Lemma basis_cond_is_basis (a b c d : klein) K :
  a != b -> c != d -> (forall e, (e \in [:: a; b]) = (e \notin [:: c; d])) ->
  {subset K <= [:: 1; 2; 3; 4]%N} ->
  (forall k, k \in K -> chi k a + chi k b = chi k c + chi k d) ->
  (forall p q, Sigma K p q -> balanced a b c d p q) ->
  is_basis (basis_cond a b c d) (Sigma K).
Proof.
move=> ab cd ab_cd Kop chiK bal p q; split.
  by apply: derivable_Sigma; apply: Sigma_basis_cond.
move=> Kpq; apply: derivable_of_balanced => //; apply: bal => // k kK v.
by rewrite Kpq.
Qed.

Theorem lemma2p2 :
  is_basis basis123 (Sigma [:: 1; 2; 3]%N) /\
  is_basis basis124 (Sigma [:: 1; 2; 4]%N).
Proof.
split; apply: basis_cond_is_basis => //;
  try by [case=> [[] []] | move=> k; rewrite !inE => /or3P [] /eqP ->].
- exact: Sigma123_balanced.
- exact: Sigma124_balanced.
Qed.
(* Let $\mathcal C\in\{\mathbb{H},\mathbb{O}\}$, $F\in\{\mathbb{R},\mathbb{C}\}$ and $n\ge2$. Then $\triangle_{\mathcal C}\otimes1^{\otimes(n-2)}$ commutes and associates with all elements of $\mathrm{Sym}^n\mathcal C_F$. In particular, $\triangle^{(n)}_{\mathcal C}$ lies in the center of $\mathrm{Sym}^n\mathcal C_F$ (i.e. commutes and associates with all its elements), and hence $F[\triangle^{(n)}_{\mathcal C}]$ is a commutative and associative $F$-algebra.
   Context: $\mathbb{O}$ is the Cayley octonion algebra over $\mathbb{R}$ with basis $e_0=1,e_1,\dots,e_7$; $1,e_1,e_2,e_3$ span the quaternion subalgebra $\mathbb{H}$ ($e_i^2=-1$, $e_1e_2=-e_2e_1=e_3$, $e_2e_3=-e_3e_2=e_1$, $e_3e_1=-e_1e_3=e_2$), and $\mathbb{O}=\mathbb{H}\oplus\mathbb{H}e_4$ is the Cayley–Dickson double ($e_4^2=-1$, $e_{i+4}=e_ie_4$, $(x+ye_4)(z+we_4)=(xz-\bar wy)+(wx+y\bar z)e_4$). $\mathcal C_F=\mathcal C\otimes_\mathbb{R}F$; $\mathcal C_F^{\otimes n}$ is the tensor power over $F$ with componentwise multiplication; $\mathfrak S_n$ acts by $\sigma(x_1\otimes\cdots\otimes x_n)=x_{\sigma^{-1}(1)}\otimes\cdots\otimes x_{\sigma^{-1}(n)}$; $x^\vee=\frac1{n!}\sum_\sigma\sigma(x)$; $\mathrm{Sym}^n\mathcal C_F$ is the algebra of $\mathfrak S_n$-fixed tensors. With $d=\dim_\mathbb{R}\mathcal C$, $\triangle_{\mathcal C}=\frac1d\sum_{i=0}^{d-1}e_i\otimes e_i$ and $\triangle^{(n)}_{\mathcal C}=(\triangle_{\mathcal C}\otimes1^{\otimes(n-2)})^\vee$. An element $z$ commutes and associates with $x$ (for all $y$) if $zx=xz$ and $(zx)y=z(xy)$, $(xz)y=x(zy)$, $(xy)z=x(yz)$. *)

(* Tensor powers of the quaternion / octonion algebras over a
   field F, in coordinates w.r.t. the standard basis e_0 = 1, e_1, ..., e_{d-1}. *)
From mathcomp Require Import all_boot all_algebra all_fingroup.
From mathcomp Require Import reals complex.
Set Implicit Arguments.
Unset Strict Implicit.
Unset Printing Implicit Defensive.
Import GRing.Theory.
Local Open Scope ring_scope.

Inductive cd_alg := Quat | Oct.

(* d - 1, so that the index type 'I_d = 'I_(cd_dm c).+1 contains 0 *)
Definition cd_dm (c : cd_alg) : nat := match c with Quat => 3 | Oct => 7 end.
Definition cd_dim (c : cd_alg) : nat := (cd_dm c).+1.

Section Algebras.
Variable F : fieldType.

(** Elements of C_F as coordinate functions nat -> F (coordinates >= d ignored). *)
Definition vec := nat -> F.

(* Hamilton product: e1e2 = e3, e2e3 = e1, e3e1 = e2, e_i^2 = -1 *)
Definition hmul (a b : vec) : vec := fun k =>
  match k with
  | 0 => a 0%N * b 0%N - a 1%N * b 1%N - a 2%N * b 2%N - a 3%N * b 3%N
  | 1 => a 0%N * b 1%N + a 1%N * b 0%N + a 2%N * b 3%N - a 3%N * b 2%N
  | 2 => a 0%N * b 2%N - a 1%N * b 3%N + a 2%N * b 0%N + a 3%N * b 1%N
  | 3 => a 0%N * b 3%N + a 1%N * b 2%N - a 2%N * b 1%N + a 3%N * b 0%N
  | _ => 0
  end.

Definition hconj (a : vec) : vec := fun k => if k == 0%N then a 0%N else - a k.

Definition vadd (a b : vec) : vec := fun k => a k + b k.
Definition vsub (a b : vec) : vec := fun k => a k - b k.

(* O = H + H e4, a = x + y e4 with x = (a_0..a_3), y = (a_4..a_7), so that
   e_{i+4} = e_i e_4.  Cayley-Dickson product:
   (x + y e4)(z + w e4) = (x z - conj(w) y) + (w x + y conj(z)) e4. *)
Definition qpart (a : vec) : vec := fun k => if (k < 4)%N then a k else 0.
Definition epart (a : vec) : vec := fun k => if (k < 4)%N then a (k + 4)%N else 0.

Definition omul (a b : vec) : vec := fun k =>
  let x := qpart a in let y := epart a in
  let z := qpart b in let w := epart b in
  if (k < 4)%N then vsub (hmul x z) (hmul (hconj w) y) k
  else if (k < 8)%N then vadd (hmul w x) (hmul y (hconj z)) (k - 4)%N
  else 0.

Definition cd_mul (c : cd_alg) : vec -> vec -> vec :=
  match c with Quat => hmul | Oct => omul end.

Definition basis_vec (i : nat) : vec := fun k => (k == i)%:R.

Definition sc (c : cd_alg) (i j k : 'I_(cd_dim c)) : F :=
  cd_mul c (basis_vec i) (basis_vec j) k.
***
Required action:
In the listing above, locate the line containing "Unset Printing Implicit Defensive." and the line containing "Definition basis_vec (i", then transcribe both and every line between them verbatim.

The completed task:
Unset Printing Implicit Defensive.
Import GRing.Theory.
Local Open Scope ring_scope.

Inductive cd_alg := Quat | Oct.

(* d - 1, so that the index type 'I_d = 'I_(cd_dm c).+1 contains 0 *)
Definition cd_dm (c : cd_alg) : nat := match c with Quat => 3 | Oct => 7 end.
Definition cd_dim (c : cd_alg) : nat := (cd_dm c).+1.

Section Algebras.
Variable F : fieldType.

(** Elements of C_F as coordinate functions nat -> F (coordinates >= d ignored). *)
Definition vec := nat -> F.

(* Hamilton product: e1e2 = e3, e2e3 = e1, e3e1 = e2, e_i^2 = -1 *)
Definition hmul (a b : vec) : vec := fun k =>
  match k with
  | 0 => a 0%N * b 0%N - a 1%N * b 1%N - a 2%N * b 2%N - a 3%N * b 3%N
  | 1 => a 0%N * b 1%N + a 1%N * b 0%N + a 2%N * b 3%N - a 3%N * b 2%N
  | 2 => a 0%N * b 2%N - a 1%N * b 3%N + a 2%N * b 0%N + a 3%N * b 1%N
  | 3 => a 0%N * b 3%N + a 1%N * b 2%N - a 2%N * b 1%N + a 3%N * b 0%N
  | _ => 0
  end.

Definition hconj (a : vec) : vec := fun k => if k == 0%N then a 0%N else - a k.

Definition vadd (a b : vec) : vec := fun k => a k + b k.
Definition vsub (a b : vec) : vec := fun k => a k - b k.

(* O = H + H e4, a = x + y e4 with x = (a_0..a_3), y = (a_4..a_7), so that
   e_{i+4} = e_i e_4.  Cayley-Dickson product:
   (x + y e4)(z + w e4) = (x z - conj(w) y) + (w x + y conj(z)) e4. *)
Definition qpart (a : vec) : vec := fun k => if (k < 4)%N then a k else 0.
Definition epart (a : vec) : vec := fun k => if (k < 4)%N then a (k + 4)%N else 0.

Definition omul (a b : vec) : vec := fun k =>
  let x := qpart a in let y := epart a in
  let z := qpart b in let w := epart b in
  if (k < 4)%N then vsub (hmul x z) (hmul (hconj w) y) k
  else if (k < 8)%N then vadd (hmul w x) (hmul y (hconj z)) (k - 4)%N
  else 0.

Definition cd_mul (c : cd_alg) : vec -> vec -> vec :=
  match c with Quat => hmul | Oct => omul end.

Definition basis_vec (i : nat) : vec := fun k => (k == i)%:R.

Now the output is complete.